(Beginning of Excerpted data)

(* Let $V$ be a finite set, $C=(C_R)_{R\subseteq V}$ non-negative capacities and $D=(D_S)_{S\subseteq V}$ non-negative demands. Then \[ \mathrm{MinHypCut}(V,C,D)=\min_{\delta\in\Delta_1(V)}\frac{C\cdot\delta}{D\cdot\delta}, \] where $\Delta_1(V)$ is the set of all $\ell_1$-embeddable diversities on $V$.
   Context: A diversity on $V$ is a function $\delta$ from subsets of $V$ to $\mathbb{R}$ with $\delta(A)\ge 0$, $\delta(A)=0$ whenever $|A|\le 1$ (values $0$ on larger sets are allowed), and $\delta(A\cup B)+\delta(B\cup C)\ge\delta(A\cup C)$ whenever $B\neq\emptyset$. Write $C\cdot\delta=\sum_{R\subseteq V}C_R\delta(R)$ and $D\cdot\delta=\sum_{S\subseteq V}D_S\delta(S)$; quotients are considered only where the denominator is nonzero. The $\ell_1^m$ diversity is $(\mathbb{R}^m,\delta_1)$ with $\delta_1(A)=\sum_{i=1}^m\max\{|a_i-b_i|:a,b\in A\}$; a diversity $\delta$ on $V$ is $\ell_1$-embeddable if there are $m$ and $\phi:V\to\mathbb{R}^m$ with $\delta(A)=\delta_1(\phi(A))$ for all $A\subseteq V$. For $U\subseteq V$ let $\partial U$ be the set of subsets of $V$ meeting both $U$ and $V\setminus U$, and $\mathrm{MinHypCut}(V,C,D)=\min_{U\subseteq V}\frac{\sum_{A\in\partial U}C_A}{\sum_{S\in\partial U}D_S}$. *)

From HB Require Import structures.
From mathcomp Require Import all_boot all_order all_algebra.
From mathcomp Require Import reals.
Set Implicit Arguments. Unset Strict Implicit. Unset Printing Implicit Defensive.
Import Order.TTheory GRing.Theory Num.Theory.
Local Open Scope ring_scope.

Section Defs.
Variables (R : realType) (V : finType).

Definition is_diversity (delta : {set V} -> R) : Prop :=
  [/\ forall A : {set V}, 0 <= delta A,
      forall A : {set V}, (#|A| <= 1)%N -> delta A = 0 &
      forall A B C : {set V}, B != set0 -> delta (A :|: C) <= delta (A :|: B) + delta (B :|: C)].

(* The l1^m diversity of the image phi(A) of A under phi : V -> R^m:
   sum_i max_{a,b in A} |phi a i - phi b i| (0 for empty A). *)
Definition l1_div_image (m : nat) (phi : V -> 'I_m -> R) (A : {set V}) : R :=
  \sum_(i < m) \big[Num.max/0]_(a in A) \big[Num.max/0]_(b in A) `|phi a i - phi b i|.

Definition l1_embeddable (delta : {set V} -> R) : Prop :=
  exists (m : nat) (phi : V -> 'I_m -> R), forall A : {set V}, delta A = l1_div_image phi A.

Definition dotp (C delta : {set V} -> R) : R := \sum_(S : {set V}) C S * delta S.

Definition in_boundary (U A : {set V}) : bool :=
  (A :&: U != set0) && (A :\: U != set0).

Definition cut_cap (C : {set V} -> R) (U : {set V}) : R :=
  \sum_(A : {set V} | in_boundary U A) C A.

Definition cut_ratio_value (C D : {set V} -> R) (r : R) : Prop :=
  exists U : {set V}, cut_cap D U != 0 /\ r = cut_cap C U / cut_cap D U.

Definition l1_ratio_value (C D : {set V} -> R) (r : R) : Prop :=
  exists delta : {set V} -> R,
    [/\ is_diversity delta, l1_embeddable delta, dotp D delta != 0 &
        r = dotp C delta / dotp D delta].

End Defs.

Definition is_min (R : realType) (P : R -> Prop) (m : R) : Prop :=
  P m /\ forall r, P r -> m <= r.

Definition is_MinHypCut (R : realType) (V : finType) (C D : {set V} -> R) (m : R) :=
  is_min (cut_ratio_value C D) m.

From HB Require Import structures.
From mathcomp Require Import all_boot all_order all_algebra.
From mathcomp Require Import reals.
From mathcomp Require Import lra.
Import Order.TTheory GRing.Theory Num.Theory.
Local Open Scope ring_scope.
Set Implicit Arguments. Unset Strict Implicit. Unset Printing Implicit Defensive.

(* Every cut diversity [cut_div U] is an l1-embeddable diversity with [C . cut_div U]
   equal to the cut capacity, so the minimum over Delta_1 is at most MinHypCut.
   Conversely an l1 diversity is a sum of its coordinate diversities
   [line_div f A = max_A f - min_A f], and each of these is a nonnegative combination
   of cut diversities: truncating f at its largest non-maximal value t splits off
   (max f - t) times the cut of the non-maximal points.  Hence any inequality
   [c * D . cut <= C . cut] valid for all cuts transfers to all of Delta_1. *)

Section CutDecomposition.
Variables (R : realType) (V : finType).

Definition line_div (f : V -> R) (A : {set V}) : R :=
  \big[Num.max/0]_(a in A) \big[Num.max/0]_(b in A) `|f a - f b|.

Definition cut_div (U A : {set V}) : R := (in_boundary U A)%:R.

Lemma line_div_extremal f (A : {set V}) amax amin :
  amax \in A -> amin \in A -> (forall x, x \in A -> f amin <= f x <= f amax) ->
  line_div f A = f amax - f amin.
Proof.
move=> Amax Amin Hf.
have span_ge0 : 0 <= f amax - f amin by rewrite subr_ge0; case/andP: (Hf _ Amax).
apply/eqP; rewrite eq_le; apply/andP; split.
  apply: bigmax_le => // a Aa; apply: bigmax_le => // b Ab.
  case/andP: (Hf _ Aa) => ? ?; case/andP: (Hf _ Ab) => ? ?.
  rewrite ler_norml; apply/andP; split; lra.
apply: (bigmax_sup amax) => //; apply: (bigmax_sup amin) => //.
by rewrite ger0_norm.
Qed.

Lemma line_div_const f (A : {set V}) :
  {in A &, forall a b, f a = f b} -> line_div f A = 0.
Proof.
move=> Hf; apply: (big_ind (eq^~ 0)) => // [x y -> -> | a Aa]; first by rewrite maxxx.
apply: (big_ind (eq^~ 0)) => // [x y -> -> | b Ab]; first by rewrite maxxx.
by rewrite (Hf a b Aa Ab) subrr normr0.
Qed.

Lemma cut_capE (X : {set V} -> R) U : cut_cap X U = dotp X (cut_div U).
Proof.
rewrite /cut_cap /dotp big_mkcond; apply: eq_bigr => A _ /=.
by rewrite /cut_div; case: (in_boundary U A); rewrite ?mulr1 ?mulr0.
Qed.

Lemma dotpDZ (X d e : {set V} -> R) w :
  dotp X (fun A => d A + w * e A) = dotp X d + w * dotp X e.
Proof.
rewrite /dotp mulr_sumr -big_split; apply: eq_bigr => A _ /=.
by rewrite mulrDr mulrCA.
Qed.

Lemma dotp_ge0 (X d : {set V} -> R) :
  (forall S, 0 <= X S) -> (forall S, 0 <= d S) -> 0 <= dotp X d.
Proof. by move=> X0 d0; apply: sumr_ge0 => S _; apply: mulr_ge0. Qed.

Lemma line_div_truncate f (N : {set V}) t M (A : {set V}) :
  (forall x, x \in N -> f x <= t) -> (forall x, x \notin N -> f x = M) -> t < M ->
  line_div f A = line_div (fun x => Num.min (f x) t) A + (M - t) * cut_div N A.
Proof.
move=> fN fNc tM.
have [-> | [a Aa]] := set_0Vmem A.
  by rewrite /line_div !big_set0 /cut_div /in_boundary set0I eqxx mulr0 addr0.
have [amax Amax Hmax] := arg_maxP f Aa; have [amin Amin Hmin] := arg_minP f Aa.
have {}Amax : amax \in A := Amax; have {}Amin : amin \in A := Amin.
have Hf x : x \in A -> f amin <= f x <= f amax.
  by move=> Ax; apply/andP; split; [exact: Hmin | exact: Hmax].
rewrite (line_div_extremal Amax Amin Hf) (line_div_extremal Amax Amin); last first.
  by move=> x /Hf /andP [? ?]; rewrite !le_min2.
rewrite /cut_div /in_boundary.
case: (boolP (amax \in N)) => Nmax; case: (boolP (amin \in N)) => Nmin.
- have -> : A :\: N == set0.
    apply/eqP/setP => x; rewrite in_set0 in_setD; apply/negP => /andP [xN xA].
    have := fNc _ xN; have := Hf _ xA; have := fN _ Nmax; lra.
  by rewrite andbF mulr0 addr0 !min_l ?fN.
- have := fNc _ Nmin; have := fN _ Nmax; have := Hf _ Amax; lra.
- have -> : A :&: N != set0 by apply/set0Pn; exists amin; rewrite in_setI Amin Nmin.
  have -> : A :\: N != set0 by apply/set0Pn; exists amax; rewrite in_setD Amax Nmax.
  rewrite /= mulr1 (fNc _ Nmax) (min_r (ltW tM)) min_l ?fN //; lra.
- have -> : A :&: N == set0.
    apply/eqP/setP => x; rewrite in_set0 in_setI; apply/negP => /andP [xA xN].
    have := fNc _ Nmin; have := Hf _ xA; have := fN _ xN; lra.
  rewrite /= mulr0 addr0 !min_r ?fNc //; lra.
Qed.

Definition nonmax (f : V -> R) : {set V} := [set x | [exists y, f x < f y]].

Lemma nonmax_truncate_proper f x1 :
  x1 \in nonmax f -> nonmax (fun x => Num.min (f x) (f x1)) \proper nonmax f.
Proof.
move=> Nx1; apply/properP; split.
  apply/subsetP => x; rewrite !inE => /existsP [y]; apply: contraLR.
  by move=> /existsPn/(_ y); rewrite -leNgt => /le_min2/(_ (lexx (f x1))); rewrite leNgt.
exists x1 => //; rewrite inE; apply/existsP => -[y].
by rewrite (min_r (lexx _)) lt_min ltxx andbF.
Qed.

Lemma nonmax0_const f : nonmax f = set0 -> forall a b, f a = f b.
Proof.
have le_all a b : nonmax f = set0 -> f a <= f b.
  move=> N0; case: leP => // lt_ba; suff : b \in nonmax f by rewrite N0 inE.
  by rewrite inE; apply/existsP; exists a.
by move=> N0 a b; apply/eqP; rewrite eq_le !le_all.
Qed.

Variables (X Y : {set V} -> R) (c : R).
Hypothesis cut_bound : forall U, c * cut_cap Y U <= cut_cap X U.

Lemma cut_bound_line_div f : c * dotp Y (line_div f) <= dotp X (line_div f).
Proof.
have [n] := ubnP #|nonmax f|; elim: n f => [//|n IH] f ltNn.
have [N0 | [x0 Nx0]] := set_0Vmem (nonmax f).
  have dotp_const W : dotp W (line_div f) = 0.
    by rewrite /dotp big1 // => A _; rewrite line_div_const ?mulr0 // => a b _ _;
      exact: nonmax0_const.
  by rewrite !dotp_const mulr0.
have [x1 Nx1 Hx1] := arg_maxP f Nx0; have {}Nx1 : x1 \in nonmax f := Nx1.
have [z _ Hz] := arg_maxP f (isT : predT x0).
have fN x : x \in nonmax f -> f x <= f x1 by exact: Hx1.
have fNc x : x \notin nonmax f -> f x = f z.
  move=> xN; apply/eqP; rewrite eq_le (Hz x isT : f x <= f z) /=; case: leP => // lt_xz.
  by case/negP: xN; rewrite inE; apply/existsP; exists z.
have lt_x1z : f x1 < f z.
  by move: (Nx1); rewrite inE => /existsP [y /lt_le_trans]; apply; exact: Hz.
have decomp W : dotp W (line_div f) =
    dotp W (line_div (fun x => Num.min (f x) (f x1)))
    + (f z - f x1) * cut_cap W (nonmax f).
  rewrite cut_capE -dotpDZ; apply: eq_bigr => A _.
  by rewrite (line_div_truncate A fN fNc lt_x1z).
have lt_trunc := leq_trans (proper_card (nonmax_truncate_proper Nx1)) ltNn.
have := IH (fun x => Num.min (f x) (f x1)) lt_trunc.
rewrite !decomp; have := cut_bound (nonmax f); have : 0 <= f z - f x1 by lra.
nra.
Qed.

Lemma cut_bound_l1 delta : l1_embeddable delta -> c * dotp Y delta <= dotp X delta.
Proof.
move=> [m [phi delta_phi]].
have dotp_coord W : dotp W delta = \sum_(i < m) dotp W (line_div (fun x => phi x i)).
  rewrite /dotp (eq_bigr (fun S => \sum_(i < m) W S * line_div (fun x => phi x i) S)).
    by rewrite exchange_big.
  by move=> S _; rewrite delta_phi mulr_sumr.
rewrite !dotp_coord mulr_sumr; apply: ler_sum => i _; exact: cut_bound_line_div.
Qed.

End CutDecomposition.

Section CutDiversities.
Variables (R : realType) (V : finType).

Lemma in_boundary_card2 (U A : {set V}) : in_boundary U A -> (1 < #|A|)%N.
Proof.
case/andP=> /set0Pn [x /setIP [xA xU]] /set0Pn [y /setDP [yA yU]].
have xy : x != y by apply: contraNneq yU => <-.
have sub : [set x; y] \subset A by apply/subsetP => w /set2P [] ->.
by have := subset_leq_card sub; rewrite cards2 xy.
Qed.

Lemma in_boundary_triangle (U A B C : {set V}) : B != set0 ->
  in_boundary U (A :|: C) -> in_boundary U (A :|: B) || in_boundary U (B :|: C).
Proof.
move=> /set0Pn [b bB] /andP [/set0Pn [u /setIP [uAC uU]] /set0Pn [v /setDP [vAC vU]]].
have meet (W : {set V}) w : w \in W -> w \in U -> W :&: U != set0.
  by move=> wW wU; apply/set0Pn; exists w; rewrite in_setI wW wU.
have leave (W : {set V}) w : w \in W -> w \notin U -> W :\: U != set0.
  by move=> wW wU; apply/set0Pn; exists w; rewrite in_setD wW wU.
rewrite /in_boundary.
move: uAC vAC; rewrite !in_setU => /orP [uA | uC] /orP [vA | vC].
- by rewrite (meet _ u) ?in_setU ?uA // (leave _ v) ?in_setU ?vA.
- case: (boolP (b \in U)) => bU.
  + by rewrite orbC (meet _ b) ?in_setU ?bB // (leave _ v) ?in_setU ?vC ?orbT.
  + by rewrite (meet _ u) ?in_setU ?uA // (leave _ b) ?in_setU ?bB ?orbT.
- case: (boolP (b \in U)) => bU.
  + by rewrite (meet _ b) ?in_setU ?bB ?orbT // (leave _ v) ?in_setU ?vA.
  + by rewrite orbC (meet _ u) ?in_setU ?uC ?orbT // (leave _ b) ?in_setU ?bB.
- by rewrite orbC (meet _ u) ?in_setU ?uC ?orbT // (leave _ v) ?in_setU ?vC ?orbT.
Qed.

Lemma cut_div_diversity (U : {set V}) : is_diversity (@cut_div R V U).
Proof.
split=> [A | A card_A | A B C B0]; rewrite /cut_div.
- exact: ler0n.
- by case: (boolP (in_boundary U A)) => // /in_boundary_card2; rewrite ltnNge card_A.
- have := @in_boundary_triangle U A B C B0.
  case: (in_boundary U (A :|: C)); case: (in_boundary U (A :|: B));
    case: (in_boundary U (B :|: C)) => tri; rewrite ?(mulr1n, mulr0n); lra.
Qed.

Lemma cut_div_l1_embeddable (U : {set V}) : l1_embeddable (@cut_div R V U).
Proof.
exists 1%N, (fun x _ => (x \in U)%:R) => A; rewrite /l1_div_image big_ord1.
rewrite -/(line_div (fun x => (x \in U)%:R) A) /cut_div /in_boundary.
have [/set0Pn [x /setIP [xA xU]] | /negPn/eqP AU0] /= := boolP (A :&: U != set0).
  have [/set0Pn [y /setDP [yA yU]] | /negPn/eqP AU1] /= := boolP (A :\: U != set0).
    rewrite (line_div_extremal xA yA) ?xU ?(negbTE yU) ?subr0 //.
    by move=> w _; case: (w \in U); rewrite ?ler01 ?lexx.
  rewrite line_div_const // => a b aA bA.
  have inU w : w \in A -> w \in U.
    by move=> wA; apply: contraT => wU; rewrite -(in_set0 w) -AU1 in_setD wU.
  by rewrite !inU.
rewrite line_div_const // => a b aA bA.
have notU w : w \in A -> (w \in U) = false.
  move=> wA; apply: negbTE; apply: contraT => /negPn wU.
  by rewrite -(in_set0 w) -AU0 in_setI wA.
by rewrite !notU.
Qed.

End CutDiversities.

Section MinHypCut.
Variables (R : realType) (V : finType) (C D : {set V} -> R).
Hypotheses (C_ge0 : forall S, 0 <= C S) (D_ge0 : forall S, 0 <= D S).

Lemma is_min_unique (P : R -> Prop) m m' : is_min P m -> is_min P m' -> m = m'.
Proof.
by move=> [Pm min_m] [Pm' min_m']; apply/eqP; rewrite eq_le min_m // min_m'.
Qed.

Lemma cut_ratio_l1_ratio r : cut_ratio_value C D r -> l1_ratio_value C D r.
Proof.
move=> [U [DU0 ->]]; exists (@cut_div R V U).
by split; rewrite -?cut_capE //; [exact: cut_div_diversity | exact: cut_div_l1_embeddable].
Qed.

Lemma cut_lower_bound_l1_ratio m :
  (forall r, cut_ratio_value C D r -> m <= r) ->
  forall r, l1_ratio_value C D r -> m <= r.
Proof.
move=> min_m r [delta [[delta_ge0 _ _] emb DdeltaN0 ->]].
have cut_bound U : m * cut_cap D U <= cut_cap C U.
  have DU_ge0 : 0 <= cut_cap D U by apply: sumr_ge0.
  have [-> | DU0] := eqVneq (cut_cap D U) 0; first by rewrite mulr0 sumr_ge0.
  by rewrite -ler_pdivlMr ?lt_def ?DU0 //; apply: min_m; exists U.
rewrite ler_pdivlMr ?lt_def ?DdeltaN0 ?dotp_ge0 //; exact: cut_bound_l1.
Qed.

(* If all cuts have zero demand, the cut bound with [c = 1] and zero capacities
   gives [D . delta <= 0]. *)
Lemma l1_ratio_cut_cap_neq0 r :
  l1_ratio_value C D r -> exists U, cut_cap D U != 0.
Proof.
move=> [delta [[delta_ge0 _ _] emb DdeltaN0 _]].
apply/existsP; apply: contraNT DdeltaN0 => /existsPn all0.
have cut_bound U : 1 * cut_cap D U <= cut_cap (fun _ => 0) U.
  by move: (all0 U); rewrite negbK => /eqP ->; rewrite mulr0 /cut_cap big1.
have dotp0 : dotp (fun _ => 0) delta = 0 by rewrite /dotp big1 // => S _; rewrite mul0r.
have := cut_bound_l1 cut_bound emb; rewrite mul1r dotp0 => Dle0.
by rewrite eq_le Dle0 dotp_ge0.
Qed.

Lemma is_MinHypCut_exists U0 : cut_cap D U0 != 0 -> exists m, is_MinHypCut C D m.
Proof.
move=> DU0; have [U1 DU1 minU1] :=
  arg_minP (P := fun U => cut_cap D U != 0) (fun U => cut_cap C U / cut_cap D U) DU0.
exists (cut_cap C U1 / cut_cap D U1); split; first by exists U1.
by move=> r [U [DU ->]]; exact: minU1.
Qed.

Lemma is_MinHypCut_l1_min m : is_MinHypCut C D m -> is_min (l1_ratio_value C D) m.
Proof.
move=> [cut_m min_m]; split; first exact: cut_ratio_l1_ratio.
exact: cut_lower_bound_l1_ratio.
Qed.

End MinHypCut.

Theorem proposition17 (R : realType) (V : finType) (C D : {set V} -> R)
  (hC : forall S : {set V}, 0 <= C S) (hD : forall S : {set V}, 0 <= D S) :
  forall m : R, is_MinHypCut C D m <-> is_min (l1_ratio_value C D) m.
Proof.
move=> m; split; first exact: is_MinHypCut_l1_min.
move=> l1_min; have [U0 DU0] := l1_ratio_cut_cap_neq0 hD l1_min.1.
have [m' cut_min] := is_MinHypCut_exists C DU0.
by rewrite (is_min_unique l1_min (is_MinHypCut_l1_min hC hD cut_min)).
Qed.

(End of Excerpted data)

**Task**: Restate word for word the lines in the material above from the one with "Variables (R : realType) (V : finType) (C" to the one with "have [-> | DU0]"; both of those lines count, and nothing else does.

**Exercise output**:
Variables (R : realType) (V : finType) (C D : {set V} -> R).
Hypotheses (C_ge0 : forall S, 0 <= C S) (D_ge0 : forall S, 0 <= D S).

Lemma is_min_unique (P : R -> Prop) m m' : is_min P m -> is_min P m' -> m = m'.
Proof.
by move=> [Pm min_m] [Pm' min_m']; apply/eqP; rewrite eq_le min_m // min_m'.
Qed.

Lemma cut_ratio_l1_ratio r : cut_ratio_value C D r -> l1_ratio_value C D r.
Proof.
move=> [U [DU0 ->]]; exists (@cut_div R V U).
by split; rewrite -?cut_capE //; [exact: cut_div_diversity | exact: cut_div_l1_embeddable].
Qed.

Lemma cut_lower_bound_l1_ratio m :
  (forall r, cut_ratio_value C D r -> m <= r) ->
  forall r, l1_ratio_value C D r -> m <= r.
Proof.
move=> min_m r [delta [[delta_ge0 _ _] emb DdeltaN0 ->]].
have cut_bound U : m * cut_cap D U <= cut_cap C U.
  have DU_ge0 : 0 <= cut_cap D U by apply: sumr_ge0.
  have [-> | DU0] := eqVneq (cut_cap D U) 0; first by rewrite mulr0 sumr_ge0.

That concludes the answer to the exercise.